Sometimes, Mystique's had a point. The Agee storyline, for instance, comes to mind. It seems it was a good thing Mystique happened to be there as it turned out, but really it was just coincidence and Mystique berated Rogue pretty mercilessly for being so careless when Rogue really hadn't been so. Rogue had checked into things or at least tried, but Mystique showed no motivation to find out why Rogue thought Rogue was doing this or why she wasn't being terribly careful and not taking any chances. Instead of talking to Rogue about it in a supportive way, though, asking why she'd do such a thing, she made assumptions and attacked Rogue with angry, hurtful, button-pushing. Rogue showed more signs of breaking away from Mystique then when she told Mystique that she'd seen her thoughts and that they "weren't right". She listened to what Mystique had to say and let what wisdom there was in it in without letting the insults add to her low self-esteem. In the end, Rogue made the decision on how to handle things and Mystique was not only unhappy about that, but it appears she may have even killed Agee to make sure Rogue didn't get the chance to ever rethink her decision. Ties like htat Rogue can do without. Rogue knows Mystique has a basic criminal mind and even at 17 and as a member of the BOEM, she was already showing signs of rebelling against that.

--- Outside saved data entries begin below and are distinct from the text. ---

(** (i) If an infinite set [A] were absolutely productive, pick an injective
   sequence [a] in [A]: the partial products [p n] of [a] with all exponents [1]
   converge, hence so does [a n.+1 = (p n)^-1 (p n.+1)], towards [e].
   (ii) If [U] witnesses NSS, a chain of symmetric neighbourhoods with
   [V n.+1 * V n.+1 ⊆ V n] and [V 0 = U] meets in a subgroup inside [U], i.e. in
   [e]; the Birkhoff-Kakutani pseudometric of the chain yields a continuous
   [d >= 0] vanishing exactly at [e].  Pseudocompactness makes the sets [d < r] a
   neighbourhood base at [e] and forbids [e] from being isolated (an infinite
   discrete space is not pseudocompact), so points [x n <> e] with
   [d (x n) < 1/(n+1)] form a nontrivial sequence converging to [e]. *)

Local Notation R := Rdefinitions.R.

Lemma infinite_set_injseq (T : Type) (A : set T) : infinite_set A ->
  exists2 a : nat -> T, injective a & forall n, A (a n).
Proof.
move=> /infiniteP /card_leP /injfunPex [f _ finj].
have setTn (n : nat) : n \in [set: nat] by exact: mem_set.
exists (fun n => val (f (exist _ n (setTn n)))) => [m n /val_inj|n].
  by move=> /finj /(congr1 val); apply; rewrite inE.
exact: set_mem (valP _).
Qed.

Lemma injective_nontrivial_convergent_seq (T : topologicalType) (x : nat -> T) :
  injective x -> (exists l : T, x @ \oo --> l) -> nontrivial_convergent_seq x.
Proof.
move=> xI xcvg; split=> // -[N xN].
by have /xI/eqP := xN N.+1 (leqnSn N); rewrite gtn_eqF.
Qed.

Lemma avoiding_nontrivial_convergent_seq (T : topologicalType) (x : nat -> T) (l : T) :
  hausdorff_space T -> x @ \oo --> l -> (forall n, x n <> l) ->
  nontrivial_convergent_seq x.
Proof.
move=> hT xl xNl; split; first by exists l.
move=> [N xN]; apply: (xNl N).
have xN_cvg : x @ \oo --> x N by apply: cvg_near_cst; exists N.
by apply: (cvg_unique hT xN_cvg xl); exact: fmap_proper_filter.
Qed.

Lemma pseudocompact_discrete_finite (T : topologicalType) :
  pseudocompact T -> (forall x : T, nbhs x [set x]) -> finite_set [set: T].
Proof.
move=> pcT discT; apply: contrapT => /infinite_set_injseq[a aI _].
pose f (y : T) : R := ('pinv_(fun=> 0%N) [set: nat] a y)%:R.
have fcont : continuous f.
  by move=> x B /= fxB; apply: filterS (discT x) => y /= ->; exact: nbhs_singleton.
have [M fM] := pcT f fcont.
have fa n : f (a n) = n%:R by rewrite /f pinvKV ?inE // => ? ? _ _; exact: aI.
have := fM (a (Num.truncn M).+1); rewrite fa normr_nat.
by have := truncnS_gt M; lra.
Qed.

Lemma pseudocompact_pos_bounded_below (T : topologicalType) (g : T -> R) :
  pseudocompact T -> continuous g -> (forall y, 0 < g y) ->
  exists2 c : R, 0 < c & forall y, c <= g y.
Proof.
move=> pcT gcont gpos.
have ginv_cont : continuous (fun y => (g y)^-1).
  by move=> y; apply: cvgV; [rewrite gt_eqF|exact: gcont].
have [M gM] := pcT _ ginv_cont.
have M_le := ler_norm M; have M_ge0 := normr_ge0 M.
exists (1 + `|M|)^-1 => [|y]; first by rewrite invr_gt0; lra.
rewrite -[g y]invrK lef_pV2 ?posrE ?invr_gt0 ?gpos //.
by have := gM y; rewrite gtr0_norm ?invr_gt0 ?gpos //; lra.
Qed.

Section TopologicalGroup.
Variables (T : topologicalType) (mul : T -> T -> T) (inv : T -> T) (e : T).
Hypothesis G : is_topgroup mul inv e.

Lemma tg_mulA x y z : mul x (mul y z) = mul (mul x y) z.
Proof. by case: G. Qed.

Lemma tg_mul1g x : mul e x = x.
Proof. by case: G => _ /(_ x)[]. Qed.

She'll probably always (if written decently in the book) have issues tearing at her that weigh heavily on her own ideals vs. her love for Mystique, whom she knows doesn't share those ideals. But that very controversy is, I feel, what shows that Rogue is not defined by Mystique. Maybe by the controversy of loving someone she has problems trusting and respecting, but not by Mystique herself and that, to me, makes Rogue way above "trashy".

Finally, "Southern" is something that can help define her, but I think only to the point she allows it to and only if others want to define her by stereotypes accorded to people of certain backgrounds, locales, cultures, etc., whether for good or bad.

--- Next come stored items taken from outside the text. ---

Theorem proposition2p2 (R : realType) (X : metricType R) (f : nat -> X) :
  (exists F : Nhat -> X,
      continuous F /\ forall (n : nat) (hn : (0 < n)%N), F (embN hn) = f n)
  <->
  (exists g : Zhat -> X,
      forall (s : Zhat) (u : nat -> nat),
        (forall i, (0 < u i)%N) ->
        (forall M : nat, \forall i \near \oo, (M <= u i)%N) ->
        ((embZ \o u) @ \oo --> s) ->
        ((f \o u) @ \oo --> g s)).
Proof.
split=> [[F [F_cont F_embN]]|[g f_cvg_g]].
  exists (F \o Nhat_of_Zhat) => s u u_gt0 u_oo us.
  have -> : f \o u = F \o (fun i => embN (u_gt0 i)).
    by apply/funext => i /=; rewrite F_embN.
  exact: cvg_comp (cvg_embN u_gt0 u_oo us) (F_cont _).
exists (Nhat_ext f g); split; first exact: Nhat_ext_continuous.
exact: Nhat_ext_embN.
Qed.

To me, a person is defined not by the things thrown at them in life, but how they handle them.

Still, because this thread started with the movie not having Rogue and Mystique show ties in it, I should close this by noting that I don't think that's necessarily a bad thing, either. It's my understanding that the first sequel will have something to do with Gambit and that may, in turn, bring Rogue in as a more major player as well in that next film. If so, I can see how they might introduce the idea that Rogue was rasied by Mystique then or that she has at least some ties to her in a caretaker way. Even in the books, this was done with Cyke and Sinister. It was revealed later in the books that the orphanage Cyke grew up in after he thought his parents were killed was not-so-coincidentally run by Sinister, whom he hadn't recognized as that person. A similar story could be "revealed" in later plotlines.

But my point above is that even if it isn't, I don't think it's going to make such a difference in Rogue's character that her not being tied to Mystique in the movie will naturally make the movie and Rogue's character in it stink by default. It might make that movie character better. I'd rather keep an open mind.